(Stored data)
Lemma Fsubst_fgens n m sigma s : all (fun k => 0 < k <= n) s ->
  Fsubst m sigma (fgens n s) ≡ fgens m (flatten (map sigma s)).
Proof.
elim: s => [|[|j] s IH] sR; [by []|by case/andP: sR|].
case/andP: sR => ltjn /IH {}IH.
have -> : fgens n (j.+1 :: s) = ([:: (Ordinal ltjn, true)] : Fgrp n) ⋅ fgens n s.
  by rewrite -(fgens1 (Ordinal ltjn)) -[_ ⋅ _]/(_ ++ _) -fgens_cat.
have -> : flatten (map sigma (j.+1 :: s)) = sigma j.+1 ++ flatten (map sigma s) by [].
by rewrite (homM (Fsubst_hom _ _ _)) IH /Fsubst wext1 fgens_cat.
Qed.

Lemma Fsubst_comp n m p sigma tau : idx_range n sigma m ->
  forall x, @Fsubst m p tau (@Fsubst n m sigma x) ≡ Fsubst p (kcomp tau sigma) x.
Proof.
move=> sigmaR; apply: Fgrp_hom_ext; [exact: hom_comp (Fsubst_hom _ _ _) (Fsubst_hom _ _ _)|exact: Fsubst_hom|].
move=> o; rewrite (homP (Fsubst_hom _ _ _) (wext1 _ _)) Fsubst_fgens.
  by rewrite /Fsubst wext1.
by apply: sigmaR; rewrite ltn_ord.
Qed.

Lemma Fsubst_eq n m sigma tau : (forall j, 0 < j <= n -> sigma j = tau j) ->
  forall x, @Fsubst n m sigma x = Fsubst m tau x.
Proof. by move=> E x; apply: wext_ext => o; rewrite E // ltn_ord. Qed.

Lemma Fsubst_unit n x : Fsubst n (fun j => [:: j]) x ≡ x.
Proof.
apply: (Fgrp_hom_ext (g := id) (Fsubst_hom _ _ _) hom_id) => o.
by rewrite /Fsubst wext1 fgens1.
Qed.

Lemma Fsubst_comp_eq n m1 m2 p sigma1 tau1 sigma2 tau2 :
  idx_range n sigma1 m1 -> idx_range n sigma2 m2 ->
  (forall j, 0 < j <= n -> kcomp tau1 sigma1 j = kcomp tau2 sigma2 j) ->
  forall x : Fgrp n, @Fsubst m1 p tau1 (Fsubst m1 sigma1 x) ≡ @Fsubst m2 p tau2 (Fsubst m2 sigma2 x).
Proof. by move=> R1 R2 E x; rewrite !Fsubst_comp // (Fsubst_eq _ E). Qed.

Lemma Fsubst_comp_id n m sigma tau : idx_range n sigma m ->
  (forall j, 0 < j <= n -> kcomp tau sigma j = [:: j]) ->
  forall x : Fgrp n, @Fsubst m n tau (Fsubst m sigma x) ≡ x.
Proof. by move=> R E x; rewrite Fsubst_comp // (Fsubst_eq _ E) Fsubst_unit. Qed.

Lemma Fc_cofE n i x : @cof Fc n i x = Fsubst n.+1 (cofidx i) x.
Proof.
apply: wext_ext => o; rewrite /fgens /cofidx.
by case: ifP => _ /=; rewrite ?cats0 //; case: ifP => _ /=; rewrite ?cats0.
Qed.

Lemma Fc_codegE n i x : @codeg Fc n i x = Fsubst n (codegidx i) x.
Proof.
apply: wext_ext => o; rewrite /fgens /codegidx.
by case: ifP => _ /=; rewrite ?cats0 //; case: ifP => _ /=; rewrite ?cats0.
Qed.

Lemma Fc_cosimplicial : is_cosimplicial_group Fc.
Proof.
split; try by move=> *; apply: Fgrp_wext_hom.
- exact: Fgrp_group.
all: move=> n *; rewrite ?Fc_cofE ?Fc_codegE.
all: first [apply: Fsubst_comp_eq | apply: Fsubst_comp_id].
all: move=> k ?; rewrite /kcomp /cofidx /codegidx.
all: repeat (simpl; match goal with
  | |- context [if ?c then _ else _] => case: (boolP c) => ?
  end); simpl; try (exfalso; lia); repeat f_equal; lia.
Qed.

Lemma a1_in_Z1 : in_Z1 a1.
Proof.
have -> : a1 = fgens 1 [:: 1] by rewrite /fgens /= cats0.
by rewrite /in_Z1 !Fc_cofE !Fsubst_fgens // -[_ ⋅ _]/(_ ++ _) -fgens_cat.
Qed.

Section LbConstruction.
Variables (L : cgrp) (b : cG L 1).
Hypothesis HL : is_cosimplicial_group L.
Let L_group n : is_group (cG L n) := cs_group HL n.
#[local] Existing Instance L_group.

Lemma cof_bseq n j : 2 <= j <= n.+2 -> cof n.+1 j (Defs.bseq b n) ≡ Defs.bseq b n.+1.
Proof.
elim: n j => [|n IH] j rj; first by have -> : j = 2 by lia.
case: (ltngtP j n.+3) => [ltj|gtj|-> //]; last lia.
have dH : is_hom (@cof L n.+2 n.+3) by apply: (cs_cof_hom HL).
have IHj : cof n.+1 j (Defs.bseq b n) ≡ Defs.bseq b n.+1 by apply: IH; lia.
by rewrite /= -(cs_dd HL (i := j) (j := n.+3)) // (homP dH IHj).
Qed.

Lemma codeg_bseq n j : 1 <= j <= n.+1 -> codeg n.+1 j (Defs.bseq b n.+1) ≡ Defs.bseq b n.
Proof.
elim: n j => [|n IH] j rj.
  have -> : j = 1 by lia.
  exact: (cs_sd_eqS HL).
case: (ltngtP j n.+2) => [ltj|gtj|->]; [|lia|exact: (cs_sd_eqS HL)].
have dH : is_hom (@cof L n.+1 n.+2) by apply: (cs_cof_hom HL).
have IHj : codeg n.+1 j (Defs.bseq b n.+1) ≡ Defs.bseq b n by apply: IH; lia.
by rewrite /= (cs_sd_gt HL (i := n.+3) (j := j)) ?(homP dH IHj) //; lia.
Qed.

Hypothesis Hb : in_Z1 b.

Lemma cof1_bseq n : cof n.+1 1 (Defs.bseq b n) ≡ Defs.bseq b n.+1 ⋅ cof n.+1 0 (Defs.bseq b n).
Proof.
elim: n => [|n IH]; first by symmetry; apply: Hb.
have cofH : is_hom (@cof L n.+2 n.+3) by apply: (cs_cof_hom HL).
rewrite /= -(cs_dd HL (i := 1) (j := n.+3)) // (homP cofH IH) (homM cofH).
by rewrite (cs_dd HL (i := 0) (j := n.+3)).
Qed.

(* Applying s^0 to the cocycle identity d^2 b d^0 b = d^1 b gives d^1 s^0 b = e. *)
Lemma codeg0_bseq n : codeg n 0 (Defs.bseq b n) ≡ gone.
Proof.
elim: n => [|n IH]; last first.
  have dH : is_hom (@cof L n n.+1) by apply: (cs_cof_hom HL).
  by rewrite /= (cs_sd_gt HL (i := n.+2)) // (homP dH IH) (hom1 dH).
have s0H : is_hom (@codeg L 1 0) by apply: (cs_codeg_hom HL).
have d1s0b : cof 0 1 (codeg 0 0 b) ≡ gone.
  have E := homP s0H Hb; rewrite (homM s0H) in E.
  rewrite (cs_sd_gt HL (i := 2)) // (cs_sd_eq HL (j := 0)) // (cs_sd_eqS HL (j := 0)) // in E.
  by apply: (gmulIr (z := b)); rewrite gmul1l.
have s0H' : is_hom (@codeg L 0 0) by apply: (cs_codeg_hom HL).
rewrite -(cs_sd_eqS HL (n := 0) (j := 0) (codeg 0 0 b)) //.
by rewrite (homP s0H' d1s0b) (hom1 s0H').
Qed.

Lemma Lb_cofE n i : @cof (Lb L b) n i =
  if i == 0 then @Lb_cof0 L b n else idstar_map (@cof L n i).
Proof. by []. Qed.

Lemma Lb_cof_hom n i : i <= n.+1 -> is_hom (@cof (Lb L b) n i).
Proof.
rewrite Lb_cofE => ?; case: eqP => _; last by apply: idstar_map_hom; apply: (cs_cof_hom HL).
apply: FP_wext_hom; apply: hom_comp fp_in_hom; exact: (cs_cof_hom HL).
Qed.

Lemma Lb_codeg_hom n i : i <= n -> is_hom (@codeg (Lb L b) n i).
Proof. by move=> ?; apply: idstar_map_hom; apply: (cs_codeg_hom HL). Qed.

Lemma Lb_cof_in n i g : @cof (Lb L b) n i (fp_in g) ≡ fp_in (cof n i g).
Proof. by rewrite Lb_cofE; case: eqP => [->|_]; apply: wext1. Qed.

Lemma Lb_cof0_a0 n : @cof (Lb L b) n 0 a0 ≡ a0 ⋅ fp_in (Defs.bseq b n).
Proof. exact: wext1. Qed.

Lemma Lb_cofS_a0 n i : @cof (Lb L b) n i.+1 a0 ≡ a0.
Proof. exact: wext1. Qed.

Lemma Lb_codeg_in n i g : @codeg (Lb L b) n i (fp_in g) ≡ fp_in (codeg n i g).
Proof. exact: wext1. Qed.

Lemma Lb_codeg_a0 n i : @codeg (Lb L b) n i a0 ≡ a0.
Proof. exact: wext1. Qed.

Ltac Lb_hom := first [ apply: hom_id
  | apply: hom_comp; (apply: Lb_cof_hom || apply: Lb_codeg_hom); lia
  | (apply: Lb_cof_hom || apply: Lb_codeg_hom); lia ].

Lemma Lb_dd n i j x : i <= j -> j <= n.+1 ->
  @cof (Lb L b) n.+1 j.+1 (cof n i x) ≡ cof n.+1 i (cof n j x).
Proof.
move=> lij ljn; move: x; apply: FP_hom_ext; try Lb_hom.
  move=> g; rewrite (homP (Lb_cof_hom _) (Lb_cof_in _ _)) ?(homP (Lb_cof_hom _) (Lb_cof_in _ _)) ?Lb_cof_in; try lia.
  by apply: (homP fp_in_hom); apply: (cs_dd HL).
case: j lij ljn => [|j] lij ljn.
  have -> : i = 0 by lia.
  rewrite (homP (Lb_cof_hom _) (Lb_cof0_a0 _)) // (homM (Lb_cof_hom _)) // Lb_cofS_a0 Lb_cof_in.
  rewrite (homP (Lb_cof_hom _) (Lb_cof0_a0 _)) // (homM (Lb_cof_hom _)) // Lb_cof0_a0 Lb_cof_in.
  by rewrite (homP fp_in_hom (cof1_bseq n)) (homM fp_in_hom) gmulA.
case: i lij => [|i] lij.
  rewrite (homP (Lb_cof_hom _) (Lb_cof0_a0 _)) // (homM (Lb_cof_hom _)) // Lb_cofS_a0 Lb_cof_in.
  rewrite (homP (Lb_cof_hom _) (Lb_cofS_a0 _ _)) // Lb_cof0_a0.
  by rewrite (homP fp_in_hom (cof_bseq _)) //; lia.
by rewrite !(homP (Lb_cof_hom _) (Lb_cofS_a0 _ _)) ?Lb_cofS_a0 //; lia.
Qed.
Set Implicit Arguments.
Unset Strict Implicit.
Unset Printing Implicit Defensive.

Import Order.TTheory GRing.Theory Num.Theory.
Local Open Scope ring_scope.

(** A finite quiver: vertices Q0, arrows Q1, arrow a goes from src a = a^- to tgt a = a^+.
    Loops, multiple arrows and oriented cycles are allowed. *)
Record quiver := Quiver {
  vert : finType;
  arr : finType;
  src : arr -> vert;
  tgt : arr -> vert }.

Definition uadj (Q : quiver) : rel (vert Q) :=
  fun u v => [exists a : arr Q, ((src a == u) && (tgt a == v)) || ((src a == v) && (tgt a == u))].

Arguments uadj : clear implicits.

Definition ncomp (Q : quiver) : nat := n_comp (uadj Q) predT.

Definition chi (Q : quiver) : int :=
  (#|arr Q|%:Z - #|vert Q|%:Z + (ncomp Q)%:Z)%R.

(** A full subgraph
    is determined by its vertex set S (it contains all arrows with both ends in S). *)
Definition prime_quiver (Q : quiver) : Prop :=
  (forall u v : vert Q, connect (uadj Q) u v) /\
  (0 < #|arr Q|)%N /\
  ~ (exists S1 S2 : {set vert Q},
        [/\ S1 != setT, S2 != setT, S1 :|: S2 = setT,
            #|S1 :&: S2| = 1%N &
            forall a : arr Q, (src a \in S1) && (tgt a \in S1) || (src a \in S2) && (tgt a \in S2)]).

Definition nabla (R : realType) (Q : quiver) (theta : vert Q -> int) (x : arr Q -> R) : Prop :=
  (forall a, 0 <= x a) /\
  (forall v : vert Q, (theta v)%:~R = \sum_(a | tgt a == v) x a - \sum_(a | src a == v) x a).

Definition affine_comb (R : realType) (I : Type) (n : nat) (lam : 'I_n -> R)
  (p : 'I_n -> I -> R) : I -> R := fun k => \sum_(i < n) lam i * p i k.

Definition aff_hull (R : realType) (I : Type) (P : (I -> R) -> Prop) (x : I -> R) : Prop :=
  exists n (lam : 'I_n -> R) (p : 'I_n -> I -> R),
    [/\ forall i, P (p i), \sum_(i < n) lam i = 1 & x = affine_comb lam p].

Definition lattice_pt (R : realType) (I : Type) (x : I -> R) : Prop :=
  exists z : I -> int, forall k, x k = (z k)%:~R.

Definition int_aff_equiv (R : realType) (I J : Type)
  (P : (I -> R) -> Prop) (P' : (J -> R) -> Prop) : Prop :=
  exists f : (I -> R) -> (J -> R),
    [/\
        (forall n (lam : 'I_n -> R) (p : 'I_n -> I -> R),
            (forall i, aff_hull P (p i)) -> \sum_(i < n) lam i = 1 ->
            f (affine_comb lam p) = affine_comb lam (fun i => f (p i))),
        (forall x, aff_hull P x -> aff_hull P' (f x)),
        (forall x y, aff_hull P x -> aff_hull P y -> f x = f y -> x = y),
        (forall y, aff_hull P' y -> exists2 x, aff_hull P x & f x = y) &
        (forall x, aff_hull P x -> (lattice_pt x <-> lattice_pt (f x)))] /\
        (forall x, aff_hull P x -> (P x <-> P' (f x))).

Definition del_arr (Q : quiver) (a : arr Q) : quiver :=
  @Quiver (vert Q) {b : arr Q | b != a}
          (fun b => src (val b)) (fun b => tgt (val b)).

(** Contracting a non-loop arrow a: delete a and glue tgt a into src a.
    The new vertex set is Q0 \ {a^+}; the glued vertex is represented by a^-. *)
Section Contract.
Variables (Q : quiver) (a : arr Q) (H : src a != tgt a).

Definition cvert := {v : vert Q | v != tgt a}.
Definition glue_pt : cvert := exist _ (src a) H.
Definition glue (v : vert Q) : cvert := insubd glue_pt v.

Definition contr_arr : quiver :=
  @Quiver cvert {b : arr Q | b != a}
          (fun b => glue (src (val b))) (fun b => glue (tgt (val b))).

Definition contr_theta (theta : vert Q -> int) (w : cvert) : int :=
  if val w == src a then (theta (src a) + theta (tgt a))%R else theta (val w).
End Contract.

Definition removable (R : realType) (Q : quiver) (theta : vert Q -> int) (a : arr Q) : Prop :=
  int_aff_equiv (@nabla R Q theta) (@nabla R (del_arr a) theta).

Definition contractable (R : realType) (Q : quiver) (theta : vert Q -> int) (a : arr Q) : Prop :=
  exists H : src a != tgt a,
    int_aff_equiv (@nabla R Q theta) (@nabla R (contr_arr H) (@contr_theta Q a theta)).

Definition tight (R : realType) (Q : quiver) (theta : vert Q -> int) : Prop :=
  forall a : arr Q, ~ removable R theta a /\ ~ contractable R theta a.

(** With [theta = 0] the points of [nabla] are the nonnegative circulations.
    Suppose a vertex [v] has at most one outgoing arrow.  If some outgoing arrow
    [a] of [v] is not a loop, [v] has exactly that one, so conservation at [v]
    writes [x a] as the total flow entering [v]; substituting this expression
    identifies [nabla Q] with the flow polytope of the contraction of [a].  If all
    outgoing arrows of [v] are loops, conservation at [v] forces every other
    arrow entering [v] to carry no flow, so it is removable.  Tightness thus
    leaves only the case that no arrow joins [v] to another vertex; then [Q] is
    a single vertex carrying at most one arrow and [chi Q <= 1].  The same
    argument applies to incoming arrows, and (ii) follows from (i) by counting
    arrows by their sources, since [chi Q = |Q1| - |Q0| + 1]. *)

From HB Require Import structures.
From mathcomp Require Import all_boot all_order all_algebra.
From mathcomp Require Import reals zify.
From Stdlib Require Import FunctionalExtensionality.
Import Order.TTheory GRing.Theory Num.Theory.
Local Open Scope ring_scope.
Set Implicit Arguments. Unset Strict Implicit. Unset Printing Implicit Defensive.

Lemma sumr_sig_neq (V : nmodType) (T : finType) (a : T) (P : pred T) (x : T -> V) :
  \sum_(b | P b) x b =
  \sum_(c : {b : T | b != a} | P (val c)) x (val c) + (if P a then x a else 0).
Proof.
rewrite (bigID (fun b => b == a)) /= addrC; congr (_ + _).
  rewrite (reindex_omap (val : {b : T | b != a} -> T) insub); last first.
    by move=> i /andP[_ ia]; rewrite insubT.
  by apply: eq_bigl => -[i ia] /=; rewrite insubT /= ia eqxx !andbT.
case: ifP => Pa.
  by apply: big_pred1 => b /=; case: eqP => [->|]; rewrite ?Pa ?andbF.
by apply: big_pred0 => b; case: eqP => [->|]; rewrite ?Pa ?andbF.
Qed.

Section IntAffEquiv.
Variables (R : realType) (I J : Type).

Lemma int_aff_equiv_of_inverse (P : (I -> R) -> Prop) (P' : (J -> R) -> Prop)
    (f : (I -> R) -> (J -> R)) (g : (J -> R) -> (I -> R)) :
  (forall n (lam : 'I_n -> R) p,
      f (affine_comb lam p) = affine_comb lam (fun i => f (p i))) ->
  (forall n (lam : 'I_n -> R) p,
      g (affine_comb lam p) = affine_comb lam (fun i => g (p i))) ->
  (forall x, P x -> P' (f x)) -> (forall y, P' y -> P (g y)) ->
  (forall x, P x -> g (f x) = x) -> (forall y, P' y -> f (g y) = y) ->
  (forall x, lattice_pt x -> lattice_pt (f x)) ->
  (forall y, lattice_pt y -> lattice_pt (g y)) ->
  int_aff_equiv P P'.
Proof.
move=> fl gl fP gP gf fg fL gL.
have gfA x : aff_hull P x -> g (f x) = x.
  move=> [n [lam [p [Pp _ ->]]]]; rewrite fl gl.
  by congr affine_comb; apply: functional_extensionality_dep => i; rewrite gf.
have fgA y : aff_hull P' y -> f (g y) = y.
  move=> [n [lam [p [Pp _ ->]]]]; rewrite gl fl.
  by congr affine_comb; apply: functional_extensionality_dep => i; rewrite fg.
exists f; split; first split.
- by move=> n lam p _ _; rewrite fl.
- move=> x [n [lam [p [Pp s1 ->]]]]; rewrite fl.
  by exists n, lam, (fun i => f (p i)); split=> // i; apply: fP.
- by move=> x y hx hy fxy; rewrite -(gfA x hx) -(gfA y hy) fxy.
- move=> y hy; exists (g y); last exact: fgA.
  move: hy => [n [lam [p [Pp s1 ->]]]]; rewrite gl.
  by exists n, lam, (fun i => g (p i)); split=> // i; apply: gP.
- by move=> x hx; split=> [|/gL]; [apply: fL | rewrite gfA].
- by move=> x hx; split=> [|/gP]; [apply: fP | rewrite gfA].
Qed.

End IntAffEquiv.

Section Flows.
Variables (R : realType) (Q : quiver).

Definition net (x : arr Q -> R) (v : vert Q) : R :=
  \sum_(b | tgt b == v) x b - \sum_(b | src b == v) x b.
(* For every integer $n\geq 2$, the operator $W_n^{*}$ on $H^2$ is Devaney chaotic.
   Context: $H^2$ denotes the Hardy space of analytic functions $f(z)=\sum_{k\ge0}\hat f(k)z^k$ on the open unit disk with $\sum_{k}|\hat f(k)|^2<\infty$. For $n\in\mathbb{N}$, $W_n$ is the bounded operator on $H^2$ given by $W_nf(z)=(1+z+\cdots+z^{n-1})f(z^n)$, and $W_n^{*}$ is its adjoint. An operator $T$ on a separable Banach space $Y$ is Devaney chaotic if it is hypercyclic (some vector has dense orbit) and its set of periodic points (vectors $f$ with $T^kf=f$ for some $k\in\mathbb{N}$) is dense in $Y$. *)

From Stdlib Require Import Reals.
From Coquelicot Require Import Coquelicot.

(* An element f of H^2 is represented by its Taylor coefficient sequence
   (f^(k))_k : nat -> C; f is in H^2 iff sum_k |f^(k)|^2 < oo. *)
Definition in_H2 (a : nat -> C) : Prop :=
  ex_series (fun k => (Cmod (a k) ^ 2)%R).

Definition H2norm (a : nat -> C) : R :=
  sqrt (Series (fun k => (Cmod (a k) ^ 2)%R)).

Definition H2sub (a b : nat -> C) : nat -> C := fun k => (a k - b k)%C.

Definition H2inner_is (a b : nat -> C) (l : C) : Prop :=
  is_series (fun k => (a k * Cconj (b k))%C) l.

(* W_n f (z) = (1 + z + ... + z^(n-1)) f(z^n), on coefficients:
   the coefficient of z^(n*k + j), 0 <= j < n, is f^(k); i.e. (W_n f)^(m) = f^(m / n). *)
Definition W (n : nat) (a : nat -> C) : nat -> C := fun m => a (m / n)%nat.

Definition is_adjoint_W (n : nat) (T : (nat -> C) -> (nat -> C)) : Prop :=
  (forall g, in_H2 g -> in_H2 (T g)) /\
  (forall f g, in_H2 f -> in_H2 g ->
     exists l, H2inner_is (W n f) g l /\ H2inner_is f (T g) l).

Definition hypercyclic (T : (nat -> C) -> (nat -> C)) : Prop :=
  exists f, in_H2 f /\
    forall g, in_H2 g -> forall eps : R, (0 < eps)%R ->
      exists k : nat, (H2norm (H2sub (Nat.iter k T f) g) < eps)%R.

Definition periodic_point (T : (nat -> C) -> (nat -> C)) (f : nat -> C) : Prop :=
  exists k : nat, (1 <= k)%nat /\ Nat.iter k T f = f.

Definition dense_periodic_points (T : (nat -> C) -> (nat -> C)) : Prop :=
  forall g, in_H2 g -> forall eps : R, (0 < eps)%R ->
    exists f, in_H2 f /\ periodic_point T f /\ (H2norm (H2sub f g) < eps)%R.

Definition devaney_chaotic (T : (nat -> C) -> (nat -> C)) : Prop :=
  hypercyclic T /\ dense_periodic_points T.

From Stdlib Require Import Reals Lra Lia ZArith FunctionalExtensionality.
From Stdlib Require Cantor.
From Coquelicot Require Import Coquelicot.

■ Problem requirements
Look above for the line containing "have gfA x : aff_hull P x -> g (f x) = x." and the line containing "(* For every". Transcribe both, with the lines between them, exactly.

■ Exercise output
have gfA x : aff_hull P x -> g (f x) = x.
  move=> [n [lam [p [Pp _ ->]]]]; rewrite fl gl.
  by congr affine_comb; apply: functional_extensionality_dep => i; rewrite gf.
have fgA y : aff_hull P' y -> f (g y) = y.
  move=> [n [lam [p [Pp _ ->]]]]; rewrite gl fl.
  by congr affine_comb; apply: functional_extensionality_dep => i; rewrite fg.
exists f; split; first split.
- by move=> n lam p _ _; rewrite fl.
- move=> x [n [lam [p [Pp s1 ->]]]]; rewrite fl.
  by exists n, lam, (fun i => f (p i)); split=> // i; apply: fP.
- by move=> x y hx hy fxy; rewrite -(gfA x hx) -(gfA y hy) fxy.
- move=> y hy; exists (g y); last exact: fgA.
  move: hy => [n [lam [p [Pp s1 ->]]]]; rewrite gl.
  by exists n, lam, (fun i => g (p i)); split=> // i; apply: gP.
- by move=> x hx; split=> [|/gL]; [apply: fL | rewrite gfA].
- by move=> x hx; split=> [|/gP]; [apply: fP | rewrite gfA].
Qed.

End IntAffEquiv.

Section Flows.
Variables (R : realType) (Q : quiver).

Definition net (x : arr Q -> R) (v : vert Q) : R :=
  \sum_(b | tgt b == v) x b - \sum_(b | src b == v) x b.
(* For every integer $n\geq 2$, the operator $W_n^{*}$ on $H^2$ is Devaney chaotic.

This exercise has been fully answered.